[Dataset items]
Lemma sumN_Vfun M n (q : list Z -> R) v0 (v r : nat -> R) :
  sumN M n (fun u => q u * Vfun M v0 v r (vadd n u)) =
  v0 * sumN M n q +
  lsum (fun i => v i * sumN M n (fun u => q u * r i ^ Z.to_nat (nth i (vadd n u) 0%Z)))
       (seq 0 M).
Proof.
  rewrite (sumN_ext M n _ (fun u => v0 * q u +
    lsum (fun i => v i * (q u * r i ^ Z.to_nat (nth i (vadd n u) 0%Z))) (seq 0 M))).
  - rewrite sumN_plus, sumN_scal, sumN_lsum. f_equal.
    apply lsum_ext. intros i _. apply sumN_scal.
  - intros u _ _. unfold Vfun. rewrite Rmult_plus_distr_l, <- lsum_scal.
    f_equal; [ring|]. apply lsum_ext. intros i _. ring.
Qed.

Lemma sumN_geometric M {K} (c : list Z -> K) p (rho : R) n i :
  inS M n -> (i < M)%nat -> 0 < rho ->
  sumN M n (fun u => p (c n) u * rho ^ Z.to_nat (nth i (vadd n u) 0%Z)) =
  rho ^ Z.to_nat (nth i n 0%Z) *
    (sumN M n (fun u => p (c n) u) + (rho - 1) * splus M c p i n
     + (/ rho - 1) * sminus M c p i n).
Proof.
  intros Hn Hi Hrho. unfold splus, sminus.
  rewrite (sumN_ext M n _ (fun u => rho ^ Z.to_nat (nth i n 0%Z) *
    (p (c n) u + (rho - 1) * (if Z.eqb (nth i u 0%Z) 1 then p (c n) u else 0)
     + (/ rho - 1) * (if Z.eqb (nth i u 0%Z) (-1) then p (c n) u else 0)))).
  - now rewrite sumN_scal, !sumN_plus, !sumN_scal.
  - intros u Hu Hnu.
    destruct (disps_spec M u Hu) as [Hlu Hsteps].
    destruct (inS_spec M n Hn) as [Hln Hnn].
    destruct (inS_spec M _ Hnu) as [_ Hnun].
    specialize (Hnun i). rewrite vadd_nth in * by lia.
    now apply pow_shift.
Qed.

Lemma sminus_at_boundary M {K} (c : list Z -> K) p n i :
  inS M n -> (i < M)%nat -> nth i n 0%Z = 0%Z -> sminus M c p i n = 0.
Proof.
  intros Hn Hi H0. unfold sminus.
  rewrite (sumN_ext M n _ (fun u => 0 * p (c n) u)), sumN_scal; [ring|].
  intros u Hu Hnu.
  destruct (disps_spec M u Hu) as [Hlu _].
  destruct (inS_spec M n Hn) as [Hln _].
  destruct (inS_spec M _ Hnu) as [_ Hnun].
  specialize (Hnun i). rewrite vadd_nth in Hnun by lia.
  destruct (Z.eqb_spec (nth i u 0%Z) (-1)); [lia | ring].
Qed.

Lemma splus_nonneg M {K} (c : list Z -> K) p i n :
  is_transition M c p -> inS M n -> 0 <= splus M c p i n.
Proof.
  intros [Hp _] Hn. unfold splus, sumN. apply lsum_nonneg. intros u Hu.
  destruct (inSb M (vadd n u)) eqn:E; [|lra].
  destruct (Z.eqb _ _); [now apply Hp | lra].
Qed.

Lemma drift_identity M {K} (c : list Z -> K) p (r v : nat -> R) v0 eps n :
  inS M n -> sumN M n (fun u => p (c n) u) = 1 ->
  (forall i, (i < M)%nat -> 0 < r i) ->
  sumN M n (fun u => p (c n) u * Vfun M v0 v r (vadd n u)) - Vfun M v0 v r n
    + eps * Vfun M v0 v r n =
  eps * v0 + lsum (fun i => coord_weight v r n i * (growth M c p r i n + eps)) (seq 0 M).
Proof.
  intros Hn Hsum Hr.
  rewrite (sumN_Vfun M n (fun u => p (c n) u)), Hsum. cbv beta.
  rewrite (lsum_ext _ (fun i => coord_weight v r n i * (1 + growth M c p r i n))).
  2:{ intros i Hi. apply in_seq in Hi.
      rewrite sumN_geometric, Hsum by (auto; try apply Hr; lia).
      unfold coord_weight, growth. ring. }
  rewrite (lsum_ext (fun i => coord_weight v r n i * (growth M c p r i n + eps))
    (fun i => coord_weight v r n i * (1 + growth M c p r i n)
              + (eps - 1) * coord_weight v r n i)) by (intros; ring).
  rewrite lsum_plus, lsum_scal.
  change (Vfun M v0 v r n) with (v0 + lsum (coord_weight v r n) (seq 0 M)).
  ring.
Qed.

Lemma origin_inS M : inS M (repeat 0%Z M).
Proof.
  unfold inS, inSb. rewrite repeat_length, Nat.eqb_refl. simpl.
  apply forallb_forall. intros x Hx. apply repeat_spec in Hx as ->. reflexivity.
Qed.

Section LyapunovBounds.

Variables (M : nat) (K : Type) (c : list Z -> K) (p : K -> list Z -> R).
Variables (r v supp : nat -> R) (v0 epsS eps : R).

Hypothesis Htrans : is_transition M c p.
Hypothesis Hr : forall i, (i < M)%nat -> 1 < r i.
Hypothesis Hv : forall i, (i < M)%nat -> 0 < v i.
Hypothesis Hsupp : forall i n, (i < M)%nat -> inS M n ->
  splus M c p i n * (r i - 1) <= supp i.
Hypothesis HepsS : forall n i, inS M n -> inI M n i ->
  epsS <= splus M c p i n * (1 - r i) + sminus M c p i n * (1 - / r i).
Hypothesis Heps : 0 < eps.
Hypothesis Heps_lt : eps < epsS.
Hypothesis Hv0 : 1 <= v0.

Local Notation V := (Vfun M v0 v r).
Local Notation b := (bval M eps v0 v supp).
Local Notation PV n := (sumN M n (fun u => p (c n) u * V (vadd n u))).

Lemma coord_weight_pos n i : (i < M)%nat -> 0 < coord_weight v r n i.
Proof.
  intros Hi. unfold coord_weight. pose proof (Hr i Hi).
  apply Rmult_lt_0_compat; [now apply Hv | apply pow_lt; lra].
Qed.

Lemma V_ge_1 n : 1 <= V n.
Proof.
  change (V n) with (v0 + lsum (coord_weight v r n) (seq 0 M)).
  assert (0 <= lsum (coord_weight v r n) (seq 0 M)); [|lra].
  apply lsum_nonneg. intros i Hi. apply in_seq in Hi.
  apply Rlt_le, coord_weight_pos. lia.
Qed.

(* sup_n s^+_i(n) (r_i - 1) >= 0, since S is nonempty and r_i > 1. *)
Lemma supp_nonneg i : (i < M)%nat -> 0 <= supp i.
Proof.
  intros Hi. pose proof (Hsupp i _ Hi (origin_inS M)).
  pose proof (splus_nonneg M c p i _ Htrans (origin_inS M)).
  pose proof (Hr i Hi). nra.
Qed.

Lemma b_pos : 0 < b.
Proof.
  unfold bval.
  assert (0 <= lsum (fun i => v i * (supp i + eps)) (seq 0 M)); [|nra].
  apply lsum_nonneg. intros i Hi. apply in_seq in Hi.
  pose proof (Hv i ltac:(lia)). pose proof (supp_nonneg i ltac:(lia)). nra.
Qed.

Lemma coord_term_interior n i : inS M n -> inI M n i ->
  coord_weight v r n i * (growth M c p r i n + eps)
    <= - (epsS - eps) * coord_weight v r n i.
Proof.
  intros Hn HI. pose proof (HepsS n i Hn HI).
  pose proof (coord_weight_pos n i (proj1 HI)).
  assert (growth M c p r i n + eps <= - (epsS - eps)) by (unfold growth; lra).
  nra.
Qed.

(* Every coordinate contributes at most v_i (supp_i + eps): on the boundary
   because s^-_i vanishes, in the interior because the contribution is <= 0. *)
Lemma coord_term_le n i : inS M n -> (i < M)%nat ->
  coord_weight v r n i * (growth M c p r i n + eps) <= v i * (supp i + eps).
Proof.
  intros Hn Hi. pose proof (Hv i Hi). pose proof (supp_nonneg i Hi).
  destruct (Z.eq_dec (nth i n 0%Z) 0) as [Hzero|Hpos].
  - unfold coord_weight, growth.
    rewrite Hzero, (sminus_at_boundary M c p n i Hn Hi Hzero). simpl.
    pose proof (Hsupp i n Hi Hn). nra.
  - assert (HI : inI M n i).
    { split; [exact Hi|]. pose proof (proj2 (inS_spec M n Hn) i). lia. }
    pose proof (coord_term_interior n i Hn HI).
    pose proof (coord_weight_pos n i Hi). nra.
Qed.

Lemma drift_rewrite n : inS M n ->
  PV n - V n + eps * V n =
  eps * v0 + lsum (fun i => coord_weight v r n i * (growth M c p r i n + eps)) (seq 0 M).
Proof.
  intros Hn. apply drift_identity; [exact Hn | now apply Htrans |].
  intros i Hi. pose proof (Hr i Hi). lra.
Qed.

Lemma drift_le_b n : inS M n -> PV n - V n <= - eps * V n + b.
Proof.
  intros Hn. pose proof (drift_rewrite n Hn).
  assert (lsum (fun i => coord_weight v r n i * (growth M c p r i n + eps)) (seq 0 M)
          <= lsum (fun i => v i * (supp i + eps)) (seq 0 M)).
  { apply lsum_le. intros i Hi. apply in_seq in Hi. apply coord_term_le; [exact Hn | lia]. }
  unfold bval. lra.
Qed.

Lemma drift_large_coordinate n i : inS M n -> inI M n i ->
  b < (epsS - eps) * coord_weight v r n i -> PV n - V n <= - eps * V n.
Proof.
  intros Hn HI Hbig. pose proof (drift_rewrite n Hn).
  set (g := fun j => v j * (supp j + eps)).
  assert (Hg : 0 <= g i)
    by (unfold g; pose proof (Hv i (proj1 HI)); pose proof (supp_nonneg i (proj1 HI)); nra).
  pose proof (coord_term_interior n i Hn HI). pose proof b_pos.
  assert (lsum (fun j => coord_weight v r n j * (growth M c p r j n + eps)) (seq 0 M)
          <= lsum g (seq 0 M) - (g i + b)).
  { apply (lsum_le_gap _ _ _ i); [apply in_seq; split; [lia | apply (proj1 HI)] | lra | | lra].
    intros j Hj. apply in_seq in Hj. apply coord_term_le; [exact Hn | lia]. }
  assert (b = eps * v0 + lsum g (seq 0 M)) by reflexivity.
  lra.
Qed.

End LyapunovBounds.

> The problem
Figure out how many lines of the data above include "LyapunovBounds", then give the number and nothing more.

> Answer to this task
2